Quoting Adam Savage

Doesn’t he sound like an action hero or intrepid explorer?

At the end of his Reason Rally speech, Adam Savage of Mythbusters provided one of the best ‘sound bites’ of the day:

I have concluded through careful, empirical analysis and much thought that somebody is looking out for me, keeping track of what I think about things, forgiving me when I do less than I ought, giving me strength to shoot for more than I think I’m capable of. I believe they know everything that I do and think and they still love me; and I’ve concluded after careful consideration that this person keeping score —is me!

Isaac Asimov on evidence

I believe in evidence. I believe in observation, measurement, and reasoning, confirmed by independent observers. I’ll believe anything, no matter how wild and ridiculous, if there is evidence for it. The wilder and more ridiculous something is, however, the firmer and more solid the evidence will have to be.
— Isaac Asimov

No evidence, no gods!

Religion and violence

Quoth SUIRAUQA,

It is a real pity, a shame, that the believers choose to base their ‘identities’ on the rather shaky foundation of religious belief, when religion has been the single most divisive force in the history of humankind. Forget about the Crusades in the medieval times, or the calls to Jihad by several Islamic leaders between the 7th and the 20th century; the Thirty years War in early to mid-17th century were between Christian sects over doctrine. Sunni and Shia Muslims are engaged into terrible, violent hostilities even today, because of a disagreement over religious leadership that dates back to the 10th century! In the middle ages through modern times, Christianity in its various forms has been a major driving force for virulent anti-semitism.

Nomenclature Rule

In Life: An Unauthorized Biography, Richard Fortey documented a biologists’ rule:

The most primitive of  bacteria are known by the most wondrous jargon, mastery of which is guaranteed to cause jaws to drop at social functions, for the correct designation of many of them is ‘chemolithoautotrophic hyperthermophiles.’ Since these bacteria are only a thousandth of a millimetre long — minute rods, discs, or cocci (spheres), this affords an example of a rule well known to biologists: that the length of the description is inversely proportional to the size of the organism.

No doubt Fortey is an accomplished raconteur, but I find his written work almost unbearably wordy and have to take it in small doses.

Quoting Robert G. Ingersoll

Robert G. Ingersoll, The Gods, 1872:

Looks like Christopher Hitchens

A very pious friend of mine, having heard that I had said the world was full of imperfections, asked me if the report was true.
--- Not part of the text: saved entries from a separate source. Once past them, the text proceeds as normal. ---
Lemma predicted_init : predicted 0 = c0 a.
Proof.
  extensionality x. extensionality y. unfold c0, predicted.
  pose proof (bottom_lt_height 0). cbn [bottom] in *. fold height.
  destruct (Z_lt_le_dec 0 x); [bdestr; try lia; auto|].
  destruct (Z.eq_dec x 0) as [->|].
  - replace (Z.to_nat (- 0)) with 0%nat by lia. unfold column.
    bdestr; try lia; auto; destruct (Nat.odd (orbit 0)); cbn [andb]; auto.
  - set (m := Z.to_nat (- x)). assert (Ex : x = - Z.of_nat m) by lia.
    destruct m as [|j]; [lia|]. pose proof (bottom_lt_height (S j)). unfold column.
    bdestr; try lia; auto; destruct (Nat.odd (orbit (S j))); bdestr; try lia; auto.
Qed.

Lemma iter_predicted (n : nat) : Nat.iter n F (c0 a) = predicted n.
Proof.
  induction n as [|n IH]; [symmetry; apply predicted_init|].
  change (F (Nat.iter n F (c0 a)) = predicted (S n)). rewrite IH. apply step_predicted.
Qed.

(* Every time threshold in the closed form is below this bound, so cell
   (x, y) no longer changes after it. *)
Definition settle_time (x y : Z) : nat := Z.to_nat (Z.abs x + Z.abs height + Z.abs y + 2).

Lemma predicted_settled (n : nat) (x y : Z) :
  (settle_time x y <= n)%nat -> predicted n x y = predicted (settle_time x y) x y.
Proof.
  intros H. unfold settle_time in *. unfold predicted. bdestr; auto.
  set (m := Z.to_nat (- x)). assert (Ex : x = - Z.of_nat m) by lia.
  clearbody m. subst x. unfold column. destruct m as [|j].
  - destruct (Nat.odd (orbit 0)); bdestr; try lia; auto.
  - destruct (Nat.odd (orbit (S j))); bdestr; try lia; auto.
Qed.

Lemma c_inf_predicted (x y : Z) : c_inf a x y = predicted (settle_time x y) x y.
Proof.
  unfold c_inf. destruct (excluded_middle_informative _) as [H|H].
  - destruct (constructive_indefinite_description _ H) as [c [N HN]]. cbn [proj1_sig].
    rewrite <- (HN (Nat.max N (settle_time x y))) by lia.
    rewrite iter_predicted. apply predicted_settled. lia.
  - exfalso. apply H. exists (predicted (settle_time x y) x y), (settle_time x y).
    intros n Hn. rewrite iter_predicted. apply predicted_settled; auto.
Qed.

Lemma c_inf_column (j : nat) (y : Z) :
  c_inf a (- Z.of_nat (S j)) y = column (settle_time (- Z.of_nat (S j)) y) (S j) y.
Proof. rewrite c_inf_predicted. apply predicted_column. Qed.

Lemma limit_below (j : nat) (y : Z) :
  y < bottom (S j) -> c_inf a (- Z.of_nat (S j)) y = Undef.
Proof. intros. rewrite c_inf_column. apply column_below; auto. Qed.

Lemma limit_bottom (j : nat) :
  sum_defined (c_inf a (- Z.of_nat (S j)) (bottom (S j))) /\
  sum_bit_is (c_inf a (- Z.of_nat (S j)) (bottom (S j))) false.
Proof.
  rewrite c_inf_column, column_bottom. pose proof (bottom_lt_height (S j)).
  unfold settle_time. cbv zeta. destruct (Nat.odd (orbit (S j))); bdestr; try lia; simpl; auto.
Qed.

Lemma limit_digits (j : nat) (y : Z) : bottom (S j) < y <= height ->
  c_inf a (- Z.of_nat (S j)) y = digit_cell (numer j) (Z.to_nat (y - bottom (S j))).
Proof.
  intros Hy. rewrite c_inf_column. unfold settle_time.
  destruct (Z.eq_dec y height) as [->|].
  - rewrite column_top. bdestr; [reflexivity | lia].
  - rewrite column_digit by lia. cbv zeta. bdestr; try lia; reflexivity.
Qed.

Lemma limit_colval (j : nat) :
  colval (c_inf a) (- Z.of_nat (S j)) (bottom (S j)) (Z.to_nat (height - bottom (S j)))
  = orbit (S j).
Proof.
  rewrite (colval_digits _ _ _ _ 0 (orbit (S j))).
  - rewrite Nat.pow_0_r, Nat.div_1_r. apply Nat.mod_small, orbit_bound.
  - intros i Hi. rewrite limit_digits, digit_cell_cval, <- orbit_succ by lia.
    f_equal. lia.
Qed.

End Evolution.

Theorem mainTheorem3 (z : nat) (alpha : list nat) (x0 : Z) :
  (1 <= z)%nat ->
  std_base3 alpha z ->
  x0 < 0 ->
  exists yb : Z,
    sum_defined (c_inf alpha x0 yb) /\
    (forall y : Z, y < yb -> ~ sum_defined (c_inf alpha x0 y)) /\
    sum_bit_is (c_inf alpha x0 yb) false /\
    yb <= Z.of_nat (length alpha) /\
    (forall y : Z, yb < y <= Z.of_nat (length alpha) -> is_defined (c_inf alpha x0 y)) /\
    colval (c_inf alpha) x0 yb (Z.to_nat (Z.of_nat (length alpha) - yb))
      = Nat.iter (Z.to_nat (- x0)) T z.
Proof.
  intros Hz [Hdig [_ Hval]] Hx0. subst z.
  (* Column x0 is column -(j+1); its bottom row is the witness. *)
  set (j := Z.to_nat (- x0 - 1)). assert (Ex : x0 = - Z.of_nat (S j)) by lia.
  clearbody j. subst x0. replace (Z.to_nat (- - Z.of_nat (S j))) with (S j) by lia.
  change (Z.of_nat (length alpha)) with (height alpha).
  destruct (limit_bottom alpha Hdig Hz j) as [Hdef Hbit].
  pose proof (bottom_lt_height alpha Hdig Hz (S j)).
  exists (bottom alpha (S j)). split; [|split; [|split; [|split; [|split]]]].
  - exact Hdef.
  - intros y Hy. rewrite (limit_below alpha Hdig Hz j y Hy). simpl. tauto.
  - exact Hbit.
  - lia.
  - intros y Hy. rewrite (limit_digits alpha Hdig Hz j y Hy). exact I.
  - exact (limit_colval alpha Hdig Hz j).
Qed.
Upon being informed that it was, he expressed great surprise that any one could be guilty of such presumption. He said that, in his judgement, it was impossible to point out an imperfection “Be kind enough,” said he, “to name even one improvement that you could make, if you had the power.” “Well,” said I, “I would make good health catching, instead of disease.” The truth is, it is impossible to harmonize all the ills, and pains, and agonies of this world with the idea that we were created by, and are watched over and protected by an infinitely wise, powerful and beneficent God, who is superior to and independent of nature.

Albert Schweitzer on Jesus

“There is nothing more negative than the result of the critical study of the Life of Jesus. The Jesus of Nazareth who came forward publicly as the Messiah, who preached the ethic of the Kingdom of God, who founded the Kingdom of Heaven upon earth and died to give His work its final consecration never had any existence.”

From Albert Schweitzer (1875-1965, Nobel Prize 1952), Ph.D, Christian theologian and Dean of the Theological College of Saint Thomas at the University of Strasburg; The Quest of the Historical Jesus: First Complete Edition, translated by W. Montgomery et al., edited by John Bowden (Minneapolis: Fortress Press, 2001), page 478.

Einstein on God

Albert Einstein is often quoted as saying, “God doesn’t play dice with the universe,” as if that meant that he believed in an invisible Heavenly Father taking an interest in our affairs. This longer quotation reflects his actual opinion.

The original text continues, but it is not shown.